Sources State Dept. of Revenue

Property tax relief

What it is — and a myth to clear up first: Kansas does not offer a full or blanket property-tax exemption tied to your disability rating. You may have read on third-party sites that a 100% P&T veteran gets a "complete exemption" in Kansas — the state's own program describes no such thing. What Kansas actually gives disabled veterans is a refund that freezes your tax bill, called the Property Tax Relief Claim for Seniors and Disabled Veterans, filed on Form K-40SVR.

How the refund actually works: once you qualify, the state refunds the difference between your home's property tax in a base year and the current year's tax — in effect freezing your homestead tax bill at the level in place when you first qualified. The base year is the year before you first claim; if that year would fall before 2021, the law treats 2021 as the base year. So this is a freeze/refund, not a wipe-out of the bill.

Every route to qualify for the K-40SVR refund, spelled out. You must meet the residency and home rules plus qualify under at least one of the status routes:

The residency and home conditions everyone must also meet:

  1. Gather your VA rating letter showing a 50% or higher service-connected evaluation, and your prior-year Kansas property tax receipts (you will need the base-year figure).
  2. Get the current-year form: Form K-40SVR (2025 PDF), and check the state's Homestead forms page for the latest year's version.
  3. Confirm the current income cap and home-value rule on the K-40SVR FAQ.
  4. File the claim — electronically through Kansas WebFile or by mail to the Homestead Claim address in Topeka on the form.

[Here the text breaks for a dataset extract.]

(* For any generalized causal team $T$ over a signature $\sigma$: $T\models^g\bigsqcup_{\mathcal F\in\mathbb F_\sigma}\Phi^{\mathcal F}$ if and only if $T$ is uniform.
   Context: A signature $\sigma=(\mathrm{Dom},\mathrm{Ran})$: $\mathrm{Dom}$ nonempty finite set of variables, each with nonempty finite range $\mathrm{Ran}(X)$; $\mathbf X=\mathbf x$ abbreviates $X_1=x_1\wedge\dots\wedge X_n=x_n$ ($\mathbf x\in\mathrm{Ran}(\mathbf X)=\prod\mathrm{Ran}(X_i)$), inconsistent if it contains $X=x,X=x'$ with $x\neq x'$. $\mathcal{CO}[\sigma]$-formulas: $\alpha::=X=x\mid\neg\alpha\mid\alpha\wedge\alpha\mid\alpha\vee\alpha\mid\mathbf X=\mathbf x\;\Box\!\!\rightarrow\alpha$; $\alpha\supset\beta$ abbreviates $\neg\alpha\vee\beta$; $\sqcup$ is the global disjunction ($T\models\varphi\sqcup\psi$ iff $T\models\varphi$ or $T\models\psi$), $\bigsqcup$ its iterated form. A system of functions $\mathcal F$: for each $V\in\mathrm{En}(\mathcal F)\subseteq\mathrm{Dom}$ parents $PA^{\mathcal F}_V\subseteq\mathrm{Dom}\setminus\{V\}$ and $\mathcal F_V:\mathrm{Ran}(PA^{\mathcal F}_V)\to\mathrm{Ran}(V)$; $\mathrm{Ex}(\mathcal F)=\mathrm{Dom}\setminus\mathrm{En}(\mathcal F)$; only recursive (acyclic parent graph) systems, forming the finite set $\mathbb F_\sigma$. An assignment $s$ ($s(X)\in\mathrm{Ran}(X)$) is compatible with $\mathcal F$ if $s(V)=\mathcal F_V(s(PA^{\mathcal F}_V))$ for $V\in\mathrm{En}(\mathcal F)$. A generalized causal team is a set $T$ of pairs $(s,\mathcal F)$ with $\mathcal F\in\mathbb F_\sigma$ and $s$ compatible with $\mathcal F$; $T^-=\{s:(s,\mathcal F)\in T\}$. For consistent $\mathbf X=\mathbf x$: $\mathcal F_{\mathbf X=\mathbf x}$ restricts $\mathcal F$ to $\mathrm{En}(\mathcal F)\setminus\mathbf X$; $s^{\mathcal F}_{\mathbf X=\mathbf x}$: $X_i\mapsto x_i$, $V\mapsto s(V)$ for $V\in\mathrm{Ex}(\mathcal F)\setminus\mathbf X$, $V\mapsto\mathcal F_V(s^{\mathcal F}_{\mathbf X=\mathbf x}(PA^{\mathcal F}_V))$ for $V\in\mathrm{En}(\mathcal F)\setminus\mathbf X$; $T_{\mathbf X=\mathbf x}=\{(s^{\mathcal F}_{\mathbf X=\mathbf x},\mathcal F_{\mathbf X=\mathbf x}):(s,\mathcal F)\in T\}$. $\models^g$: $T\models X=x$ iff $s(X)=x$ for all $s\in T^-$; $T\models\neg\alpha$ iff $\{(s,\mathcal F)\}\not\models\alpha$ for all $(s,\mathcal F)\in T$; $\wedge$ classical; $T\models\varphi\vee\psi$ iff $T=T_1\cup T_2$ with $T_1\models\varphi$, $T_2\models\psi$; $T\models\mathbf X=\mathbf x\;\Box\!\!\rightarrow\varphi$ iff $\mathbf X=\mathbf x$ inconsistent or $T_{\mathbf X=\mathbf x}\models\varphi$. $\mathrm{Cn}(\mathcal F)$ = $\{V\in\mathrm{En}(\mathcal F):\mathcal F_V\text{ constant}\}$. $\mathcal F_V\sim\mathcal G_V$ iff $\mathcal F_V(\mathbf x\mathbf y)=\mathcal G_V(\mathbf x\mathbf z)$ for all $\mathbf x\in\mathrm{Ran}(PA^{\mathcal F}_V\cap PA^{\mathcal G}_V)$, $\mathbf y\in\mathrm{Ran}(PA^{\mathcal F}_V\setminus PA^{\mathcal G}_V)$, $\mathbf z\in\mathrm{Ran}(PA^{\mathcal G}_V\setminus PA^{\mathcal F}_V)$; $\mathcal F\sim\mathcal G$ iff $\mathrm{En}(\mathcal F)\setminus\mathrm{Cn}(\mathcal F)=\mathrm{En}(\mathcal G)\setminus\mathrm{Cn}(\mathcal G)$ and $\mathcal F_V\sim\mathcal G_V$ for each such $V$. $T$ is uniform if $\mathcal F\sim\mathcal G$ for all $(s,\mathcal F),(t,\mathcal G)\in T$ (the empty team is uniform). With $\mathbf W_V$ listing $\mathrm{Dom}\setminus\{V\}$: $\Phi^{\mathcal F}:=\bigwedge_{V\in\mathrm{En}(\mathcal F)\setminus\mathrm{Cn}(\mathcal F)}\eta(V)\wedge\bigwedge_{V\notin\mathrm{En}(\mathcal F)\setminus\mathrm{Cn}(\mathcal F)}\xi(V)$, where $\eta(V)$ is the conjunction of all $(\mathbf W=\mathbf w\wedge PA^{\mathcal F}_V=\mathbf p)\;\Box\!\!\rightarrow V=\mathcal F_V(\mathbf p)$ ($\mathbf W$ listing $\mathrm{Dom}\setminus(PA^{\mathcal F}_V\cup\{V\})$, $\mathbf w\in\mathrm{Ran}(\mathbf W)$, $\mathbf p\in\mathrm{Ran}(PA^{\mathcal F}_V)$) and $\xi(V)$ is the conjunction of all $V=v\supset(\mathbf W_V=\mathbf w\;\Box\!\!\rightarrow V=v)$ ($v\in\mathrm{Ran}(V)$, $\mathbf w\in\mathrm{Ran}(\mathbf W_V)$). *)

From mathcomp Require Import all_boot.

Allow roughly 20 to 24 weeks for the refund to process.
  5. If a county appraiser or a third party tells you a 100% rating means "no property tax in Kansas," check it against the state FAQ — the program is a refund/freeze, not a full exemption.

Sources Property Tax Relief FAQ · Homestead forms

State income tax

What it is: Kansas does not add state tax on top of your already federally tax-free VA disability compensation, fully exempts military retirement pay, and gives 100%-rated disabled veterans an extra personal exemption.

  1. Confirm your VA disability compensation never appears as income on your Kansas return (it should not appear on your federal return either, and Kansas starts from your federal figures).
  2. If you receive military retirement pay, subtract it on Schedule S of your K-40; check the current-year armed-forces instructions for the exact line.
  3. If the VA certifies you at the 100% rate with a permanent disability, claim the additional $2,250 exemption on your K-40. Keep your VA certification with your records.
  4. If a past return taxed your VA compensation or military retirement by mistake, fix it with a tax preparer familiar with military filings — that is a filing mechanic, not claims work.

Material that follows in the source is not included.